Sunday, August 28, 2016

An Alternate Formulation of MaxEnt and Maximum Entropy Production

This (rather technical) blog post observes that, via using tensorial linearization of Boolean functions, one can make a novel formulation of the maximum entropy and maximum entropy production principles.

The relationship of these novel formulations to the traditional formulations has not been thoroughly explored yet.

For general background on maximum entropy production, see XX.   Maximum entropy is better known and understood; see XX for the basics.

Basic Setup

Suppose we have a world with N specific observations in it.  Suppose each observation occurs at a certain point in time (where time-points are defined relative to a particular observer O …)

Now suppose that observer O1 has a coarse-grained view and often cannot distinguish two different observations from each other.  In this case O1 will view observations as coming with “count” values: n1 observations of type t1, n2 observations of type t2, etc.    (O1 may also be a subset of O’s mind…).   So what O1 sees will be a certain probability distribution over types t1, t2,….

Next, consider a distribution over “possible worlds”….  Note this can be done two ways:

·      Possible worlds as seen by O (who sees the individual observations)
·      Possible worlds as seen by O1 (who sees only distributions of counts over types)

For starters, consider the assumption that each observation is equally likely.   Let’s look at the scope of possible worlds as perceived by O1, in this case.   We can say that the distribution where O1 makes N observations and they all go into type t1, occurs only in 1 way.   But the distribution where O1 makes N observations and they go into m different categories, with N/m in each category, occurs in many more ways.   So if we are asking which distributions occur most often, from O1’s point of view, then we come up with the conclusion that the equiprobable distribution will occur most often.

Looking at the world according to O1 from O’s view, that is -- the comparison comes out similarly.   If we assume that each observation has an equal, independent chance of being assigned each type… then the number of possible worlds in which O1 puts all the observations in bin t1 is fewer, and the number in which O1 distributes the observables evenly among the bins is larger.  

The above argument yields the maximum entropy principle, according to the standard Boltzmann argument.  

Fun with Tensorial Linearization

The above is all well-known stuff, just phrased a little differently.

Now let's make things a bit more interesting.

Suppose one has a constraint more complex than equiprobable, independent observations.   One can still ask what distributions of counts over types are more likely.   If the constraints are linear then the answer still comes out as an entropy.
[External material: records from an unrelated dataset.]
(* Consider the random-field Ising model: $E=\{-1,+1\}$, $E'=\{h_1,\dots,h_L\}\subset\mathbb R$ finite with $L\ge 2$, $\alpha[h](\sigma)=\frac{e^{h\sigma}}{2\cosh h}$ for $h\in E'$, $\sigma\in E$, $\pi\in\mathcal P(E')$ with $\pi(h)>0$ for all $h\in E'$, and $F(\nu)=G(\nu(+1)-\nu(-1))$ where $G:[-1,1]\to\mathbb R$ is twice continuously differentiable with $G'$ injective. Then the non-degeneracy condition 2) holds automatically: any two distinct minimizers $\hat\nu\neq\hat\nu'$ of $\Phi[\pi]$ on $\mathcal P(E)^{E'}$ have distinct stability vectors $B_{\hat\nu}\neq B_{\hat\nu'}$.
   Context: Free energy: $\Phi[\pi](\hat\nu)=F(\sum_h\pi(h)\hat\nu(h))+\sum_h\pi(h)S(\hat\nu(h)|\alpha[h])$ for $\hat\nu=(\hat\nu(h))_{h\in E'}\in\mathcal P(E)^{E'}$, $S(p|q)=\sum_a p(a)\log(p(a)/q(a))$. Write $\pi\cdot\hat\nu=\sum_h\pi(h)\hat\nu(h)$. For a minimizer $\hat\nu$, the stability vector $B_{\hat\nu}\in T\mathcal P(E')=\{x\in\mathbb R^{E'}:\sum_hx(h)=0\}$ is the vector with $\langle x,B_{\hat\nu}\rangle=-\big(dF_{\pi\cdot\hat\nu}(\sum_hx(h)\hat\nu(h))+\sum_hx(h)S(\hat\nu(h)|\alpha[h])\big)$ for all $x\in T\mathcal P(E')$, where $dF_\nu$ is the differential of $F$ on the tangent space $\{y\in\mathbb R^E:\sum y=0\}$ of the simplex $\mathcal P(E)$. *)

From HB Require Import structures.
From mathcomp Require Import all_boot all_order all_algebra.
From mathcomp Require Import all_classical all_reals all_analysis.
Set Implicit Arguments. Unset Strict Implicit. Unset Printing Implicit Defensive.
Import Order.TTheory GRing.Theory Num.Theory.
Import numFieldNormedType.Exports.
Local Open Scope classical_set_scope.
Local Open Scope ring_scope.

(* Random-field Ising model.  E = {-1,+1} is encoded as bool (true = +1).
   E' = {h_1,...,h_L} is encoded by an injective map h : 'I_L -> R. *)

Section RFIM.
Variable R : realType.

Definition spin (s : bool) : R := if s then 1 else -1.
What if the constraints are nonlinear?  In general the maxent principle only applies with linear constraints.  However, using tensorial linearization, any Boolean function can be written as linear, on a very high dimensional space in which every conjunction of variables corresponds to a dimension.   So if one has a set of Boolean constraints on the observations seen by O (or by O1, as a special case) , then one can reformulate these as linear constraints on a higher dimensional space.  One can then argue that the most likely distribution O1 should assume is the maximum entropy distribution over this higher dimensional space whose axes are conjunctions of observations.

A New Look at Maximum Entropy of Dynamics

Now what if we want to apply this to dynamics?

In this case one has a system S at a certain point in time, T.   The observations in question are observations of S at the slight future of T (time T plus epsilon, say).   The constraints involved are basically the probabilities of each slight-future observation from the point of view of O, or O1.   Some slight-future observations are more likely than others based on the dynamics of S.  

Now the dynamics of S are going to make the dependencies between observations fairly complex.  However, if we can express this complexity as a set of probabilities attached to Boolean combinations of observation-typed recognized by O1, then we can do tensorial linearization and obtain a set of linear constraints on a higher dimensional space.   We then get the result that the system S evolves according to the maximum entropy distribution, from O1’s point of view (where the entropy is measured in regard to the higher-dimensional space of conjunctions).  I.e., roughly speaking, the various conjunctions of basic observations are going to be as equally-likely as they can be, while still obeying consistency with the given logical constraints.

Or, suppose we apply this argument to paths, i.e. sequences of states of S occurring over time?   If we coarse-grain paths (as we are doing from O1’s perspective) then paths will overlap, but we can again use tensorial linearization to account for overlaps.  We can then say that the evolution of S will follow a maximum entropy distribution over the space of conjunctions of paths, from O1’s point of view.    

The question is then in what sense this actually give a law of “maximum entropy production” in a physics sense.  Fairly clearly, if the various paths are statistically considerable as independent, then it works.  But if the paths are subtly and significantly interdependent, then the logical space on which maxent holds may be different than the physical space in which thermodynamic entropy is measured.  

1 comment:

Mentifex said...

Ben, this Boltzmannesque post is a little beyond your usual mundanity and urbanity. There is no way that my latest artificial Mind at can understand your mathematical discourse. I've been waiting for you to post something so that I can visit here and let you know that I have been working furiously to port my Perl AI back into Forth so that the AGI-let can think continuously and perhaps even consciously. However, your post of today is actually very Goertzelian. Bye - Arthur T.